Le 16 mars 2026, à Bafoussam, un nouveau-né a été sauvé d'une mort certaine grâce aux cris qui ont alerté les riverains. L'enfant avait été abandonné dans une fosse septique par sa mère après l'accouchement. L'incident, survenu dans le chef-lieu de la région de l'Ouest, met en lumière les problèmes de protection maternelle et infantile dans les zones urbaines du Cameroun.
Les habitants d'un quartier résidentiel de Bafoussam ont été réveillés à 5 heures du matin par des gémissements inhabituels. Pensant d'abord à un chat errant, ils ont fini par localiser les pleurs près d'une fosse septique située derrière une maison. C'est là qu'ils ont découvert le bébé, un garçon, avec le cordon ombilical encore enroulé autour du cou.
L'intervention des voisins a été rapide et cruciale. Ils ont mis en place un système de fortune pour sortir le nourrisson de la fosse. Après l'avoir remonté, ils l'ont enveloppé dans des tissus et l'ont emmené à l'hôpital régional de Bafoussam. Les médecins ont confirmé que l'état du bébé était stable, qualifiant sa survie de « miracle ». Pendant ce temps, les forces de l'ordre ont ouvert une enquête pour retrouver la mère.
Ce sauvetage met en évidence une réalité préoccupante au Cameroun : les grossesses non désirées et l'abandon d'enfants, souvent liés à la précarité. La région de l'Ouest, densément peuplée, est confrontée à des difficultés socio-économiques croissantes, ce qui surcharge les services sociaux d'urgence. L'acte désespéré de la mère soulève la question du manque de mécanismes d'aide discrète, tels que les boîtes à bébés ou les accouchements sous X.

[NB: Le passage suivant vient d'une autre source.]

(* Let [J] be the Vaserstein matrix of [(a, b, c)] and [H(M)] the hyperbolic
   Gram matrix [[0, M], [-M^T, 0]].  Since the symbol does not depend on the
   complementary row, [V(a^2, b, c)] may be computed with the row
   [(a'^2, a'(c + a b') + b', a'(a c' - b) + c')], for which its matrix is
   [D^T (-psi_4) D] with [D] explicitly invertible.  Over [R] with a square
   root [x] of [-1], [psi_4 _|_ psi_4] is congruent to [H(1)], and Whitehead's
   lemma moves [D] into the hyperbolic part: [D^T X D _|_ H(1) ~ X _|_ H(D^T)].
   Now [D^T = P^T (x J) Q] with [P], [Q] elementary, and when [2] is
   invertible [H(x J)] is congruent to [J _|_ J]. *)

From HB Require Import structures.
From mathcomp Require Import all_boot all_order all_algebra.
From mathcomp Require Import ring.
Set Implicit Arguments. Unset Strict Implicit. Unset Printing Implicit Defensive.
Import GRing.Theory.
Local Open Scope ring_scope.

Ltac mx_simp :=
  rewrite ?(mulmx0, mul0mx, mulmx1, mul1mx, addr0, add0r, mulmxN, mulNmx, opprK).

Section ElementaryCongruence.
Variable R : comPzRingType.

Lemma elementary_mul n (A B : 'M[R]_n) :
  elementary A -> elementary B -> elementary (A *m B).
Proof.
move=> eA; elim=> [|M i j r ij _ IH]; first by rewrite mulmx1.
by rewrite mulmxA; apply: elemT.
Qed.
Definition overlapping ac : {set 'I_n * 'I_n} :=
  [set bd | switchable bd && ~~ [disjoint switch_in ac & switch_in bd]].

Lemma card_overlapping ac : #|overlapping ac| <= (4 + 4 * k) * (4 + 4 * k).
Proof.
have sub_span : overlapping ac \subset setX (switch_span ac) (switch_span ac).
  by apply/subsetP => -[b d]; rewrite in_set in_setX => /andP[_ /switch_in_meet].
by apply: leq_trans (subset_leq_card sub_span) _; rewrite cardsX leq_mul ?card_switch_span.
Qed.

End Switching.

Local Open Scope ring_scope.

Section SecondMoment.
Variables (R : realType) (n k : nat) (Hs : {set {set 'I_n}}) (f : 'I_n -> 'I_n).
Hypotheses (kHs : is_kfactor k Hs) (edge_f : forall a, [set a; f a] \in Hs).
Variable p : R.
Hypotheses (p_ge0 : 0 <= p) (p_le1 : p <= 1).
Local Notation graph := {set {set 'I_n}}.
Local Notation switches := [set ac | switchable Hs f ac].

Definition overlap_const : R := ((4 + 4 * k) * (4 + 4 * k))%:R.

Definition switch_count (S : graph) : R := \sum_(ac in switches) (switch_in f ac \subset S)%:R.

Lemma switch_count_eq0 S : ~~ other_kfactor k Hs S -> switch_count S = 0.
Proof.
move=> noS; rewrite /switch_count big1 // => ac; rewrite inE => sw_ac.
case: (boolP (switch_in f ac \subset S)) => // sInS.
by rewrite (other_kfactor_switch_in kHs edge_f sw_ac sInS) in noS.
Qed.

Lemma gnp_expect_switch_count : gnp_expect p switch_count = #|switches|%:R * p ^+ 2.
Proof.
rewrite gnp_expect_sum (eq_bigr (fun _ => p ^+ 2)) ?sumr_const ?mulr_natl // => ac.
rewrite inE => sw_ac.
by rewrite gnp_expect_subset ?(card_switch_in kHs edge_f sw_ac) // (switch_in_subset sw_ac).
Qed.

Lemma gnp_expect_switch_count_sq : gnp_expect p (fun S => switch_count S ^+ 2) <=
  #|switches|%:R * (#|switches|%:R * p ^+ 4 + overlap_const * p ^+ 2).
Proof.
have sq_sum S : switch_count S ^+ 2 =
    \sum_(ac in switches) \sum_(bd in switches) (switch_in f ac :|: switch_in f bd \subset S)%:R.
  rewrite /switch_count expr2 mulr_suml; apply: eq_bigr => ac _.
  by rewrite mulr_sumr; apply: eq_bigr => bd _; rewrite subUset -mulnb natrM.
rewrite (eq_gnp_expect p sq_sum) gnp_expect_sum mulr_natl -sumr_const.
apply: ler_sum => ac; rewrite inE => sw_ac; rewrite gnp_expect_sum.
rewrite (eq_bigr (fun bd => p ^+ #|switch_in f ac :|: switch_in f bd|)) => [|bd]; last first.
  rewrite inE => sw_bd; rewrite gnp_expect_subset // subUset.
  by rewrite (switch_in_subset sw_ac) (switch_in_subset sw_bd).
rewrite (bigID (fun bd => [disjoint switch_in f ac & switch_in f bd])) /= lerD //.
  rewrite big_mkcondr mulr_natl -sumr_const /=; apply: ler_sum => bd; rewrite inE => sw_bd.
  case: ifP => [disj | _]; last exact: exprn_ge0.
  by rewrite cardsU (disjoint_setI0 disj) cards0 subn0 !(card_switch_in kHs edge_f).
apply: (@le_trans _ _ (\sum_(bd in overlapping Hs f ac) p ^+ 2)).
  rewrite [X in _ <= X](eq_bigl (fun bd =>
    (bd \in switches) && ~~ [disjoint switch_in f ac & switch_in f bd])) => [|bd];
    last by rewrite !inE.
  apply: ler_sum => bd /andP[sw_bd _]; rewrite ler_wiXn2l //.
  by rewrite -(card_switch_in kHs edge_f sw_ac) subset_leq_card // subsetUl.
by rewrite sumr_const -mulr_natl ler_wpM2r ?exprn_ge0 // ler_nat card_overlapping.
Qed.

Lemma overlap_const_gt0 : 0 < overlap_const.
Proof. by rewrite ltr0n muln_gt0 addn_gt0. Qed.

Lemma gnp_other_kfactor_ge (x := #|switches|%:R * p ^+ 2) : 0 < x ->
  x / (2 * (x + overlap_const)) <= gnp_prob p (other_kfactor k Hs).
Proof.
move=> x_gt0; have xC_gt0 : 0 < x + overlap_const by rewrite addr_gt0 ?overlap_const_gt0.
have le_sq : gnp_expect p (fun S => switch_count S ^+ 2) <= x * (x + overlap_const).
  suff -> : x * (x + overlap_const) =
      #|switches|%:R * (#|switches|%:R * p ^+ 4 + overlap_const * p ^+ 2).
    exact: gnp_expect_switch_count_sq.
  by rewrite /x; ring.
have := gnp_prob_ge_second_moment p_ge0 p_le1 switch_count_eq0 (mulr_gt0 x_gt0 xC_gt0) le_sq.
suff -> : x / (2 * (x + overlap_const)) = x ^+ 2 / (2 * (x * (x + overlap_const))).
  by rewrite gnp_expect_switch_count.
by move: overlap_const xC_gt0 => C xC_gt0; field; rewrite !gt_eqF.
Qed.

End SecondMoment.

Lemma kfactor_mate n k (Hs : {set {set 'I_n}}) : (0 < k)%N -> is_kfactor k Hs ->
  exists f : 'I_n -> 'I_n, forall a, [set a; f a] \in Hs.
Proof.
move=> k_gt0 /andP[sHsE /forallP degHs].
apply: (@fin_all_exists _ (fun _ => 'I_n) (fun a b => [set a; b] \in Hs)) => a.
have : (0 < #|[set e in Hs | a \in e]|)%N by rewrite (eqP (degHs a)).
rewrite card_gt0 => /set0Pn[e]; rewrite inE => /andP[eHs ae].
have /cards2P[x [y [_ exy]]] : #|e| == 2 by move: (subsetP sHsE e eHs); rewrite inE.
move: ae eHs; rewrite exy !inE => /orP[] /eqP ->; first by exists y.
by exists x; rewrite setUC.
Qed.

Lemma ler_half_ratio (R : realFieldType) (x0 x C : R) : 0 < x0 -> x0 <= x -> 0 < C ->
  x0 / (2 * (x0 + C)) <= x / (2 * (x + C)).
Proof.
move=> x0_gt0 le_x0x C_gt0; have x_gt0 := lt_le_trans x0_gt0 le_x0x.
rewrite ler_pdivrMr ?mulr_gt0 ?addr_gt0 // mulrAC ler_pdivlMr ?mulr_gt0 ?addr_gt0 //.
nra.
Qed.

Lemma half_sqr_le_density (R : realFieldType) (n K : nat) (c0 lam : R) :
  (2 * K <= n)%N -> (0 < n)%N -> 0 <= c0 <= lam ->
  c0 ^+ 2 / 2 <= (n * (n - K))%:R * (lam / n%:R) ^+ 2.
Proof.
move=> le_2K n_gt0 /andP[c0_ge0 le_c0]; have n_pos : 0 < n%:R :> R by rewrite ltr0n.
have le_n : n%:R <= 2 * (n - K)%:R :> R by rewrite -natrM ler_nat; lia.
have nK_ge0 : 0 <= (n - K)%:R :> R by [].
have le_sqr : c0 ^+ 2 <= lam ^+ 2 by rewrite lerXn2r ?nnegrE // (le_trans c0_ge0).
have c02_ge0 : 0 <= c0 ^+ 2 by rewrite sqr_ge0.
have -> : (n * (n - K))%:R * (lam / n%:R) ^+ 2 = (n - K)%:R * lam ^+ 2 / n%:R.
  by rewrite natrM; field; rewrite gt_eqF.
rewrite ler_pdivlMr //; nra.
Qed.

Lemma sparse_planted_kfactor_unique (R : realType) (k : nat) (lam : nat -> R) :
  (0 < k)%N -> (forall n : nat, 0 <= lam n <= n%:R) ->
  (forall eps : R, 0 < eps -> exists N : nat, forall n : nat, (N <= n)%N -> lam n <= eps) ->
  forall eps : R, 0 < eps ->
    exists N : nat, forall (n : nat) (Hs : {set {set 'I_n}}),
      (N <= n)%N -> is_kfactor k Hs -> gnp_prob (lam n / n%:R) (other_kfactor k Hs) <= eps.
Proof.
move=> k_gt0 lam_range lam_small eps eps_gt0; set e := Num.min eps 1.
have e_gt0 : 0 < e by rewrite lt_min eps_gt0 ltr01.
have c_gt0 : 0 < 128 * k%:R :> R by rewrite mulr_gt0 ?ltr0n.
have [N lamN] := lam_small (e / (128 * k%:R)) (divr_gt0 e_gt0 c_gt0).
exists (maxn N 1) => n Hs; rewrite geq_max => /andP[le_Nn n_gt0] kHs.
have le_e : 2 * (64 * k%:R * lam n) <= e.
  by move: (lamN n le_Nn); rewrite ler_pdivlMr // => le_lam; apply: le_trans le_lam; lra.
apply: le_trans (gnp_other_kfactor_le kHs n_gt0 (lam_range n) _) _.
  by apply: le_trans le_e _; rewrite ge_min lexx orbT.
by apply: le_trans le_e _; rewrite ge_min lexx.
Qed.

Lemma dense_planted_other_kfactor (R : realType) (k : nat) (lam : nat -> R) :
  (0 < k)%N -> (forall n : nat, 0 <= lam n <= n%:R) ->
  (exists c0 : R, 0 < c0 /\ exists N : nat, forall n : nat, (N <= n)%N -> c0 <= lam n) ->
  exists c : R, 0 < c /\
    exists N : nat, forall (n : nat) (Hs : {set {set 'I_n}}),
      (N <= n)%N -> is_kfactor k Hs -> c <= gnp_prob (lam n / n%:R) (other_kfactor k Hs).
Proof.
move=> k_gt0 lam_range [c0 [c0_gt0 [N0 lamN0]]]; set x0 := c0 ^+ 2 / 2.
have x0_gt0 : 0 < x0 by rewrite divr_gt0 // exprn_gt0.
have C_gt0 := overlap_const_gt0 R k.
exists (x0 / (2 * (x0 + overlap_const R k))).
split; first by rewrite divr_gt0 // mulr_gt0 // addr_gt0.
exists (maxn N0 (maxn (2 * switch_bound k) 1)) => n Hs.
rewrite !geq_max => /and3P[le_N0n le_2K n_gt0] kHs; have [f edge_f] := kfactor_mate k_gt0 kHs.
have /andP[lam_ge0 lam_len] := lam_range n; have n_pos : 0 < n%:R :> R by rewrite ltr0n.
have p_ge0 : 0 <= lam n / n%:R by rewrite divr_ge0 // ltW.
have p_le1 : lam n / n%:R <= 1 by rewrite ler_pdivrMr // mul1r.
have le_x0 : x0 <= #|[set ac | switchable Hs f ac]|%:R * (lam n / n%:R) ^+ 2.
  have c0_range : 0 <= c0 <= lam n by rewrite ltW ?lamN0.
  apply: le_trans (half_sqr_le_density le_2K n_gt0 c0_range) _.
  by rewrite ler_wpM2r ?exprn_ge0 // ler_nat card_switchable.
apply: le_trans (gnp_other_kfactor_ge kHs edge_f p_ge0 p_le1 (lt_le_trans x0_gt0 le_x0)).
exact: ler_half_ratio.
Qed.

La survie du nouveau-né a tenu à deux éléments clés. Premièrement, la présence d'air dans la fosse septique a empêché l'asphyxie immédiate. Deuxièmement, la réaction rapide des voisins a transformé une potentielle tentative d'infanticide en une opération de sauvetage. Leur intervention a réduit le temps d'exposition du bébé aux dangers de la fosse.
Cette affaire pourrait relancer le débat sur l'éducation sexuelle et la contraception dans les écoles camerounaises. Le ministère de la Santé publique pourrait lancer une campagne de sensibilisation sur les alternatives à l'abandon sauvage, notamment les lieux de recueil légaux pour les nouveau-nés. L'objectif est de réduire la mortalité infantile liée à ces abandons.
À plus long terme, cet événement pourrait inciter à une réforme du code pénal concernant l'abandon d'enfants. Le Cameroun pourrait s'inspirer de pays comme la Côte d'Ivoire ou le Sénégal, qui ont partiellement dépénalisé l'abandon sous conditions de confidentialité. Cependant, un changement des mentalités reste essentiel pour éviter de tels drames.
Combien d'autres nouveau-nés ne bénéficieront pas d'une telle chance, faute de quelqu'un pour entendre leurs cris ?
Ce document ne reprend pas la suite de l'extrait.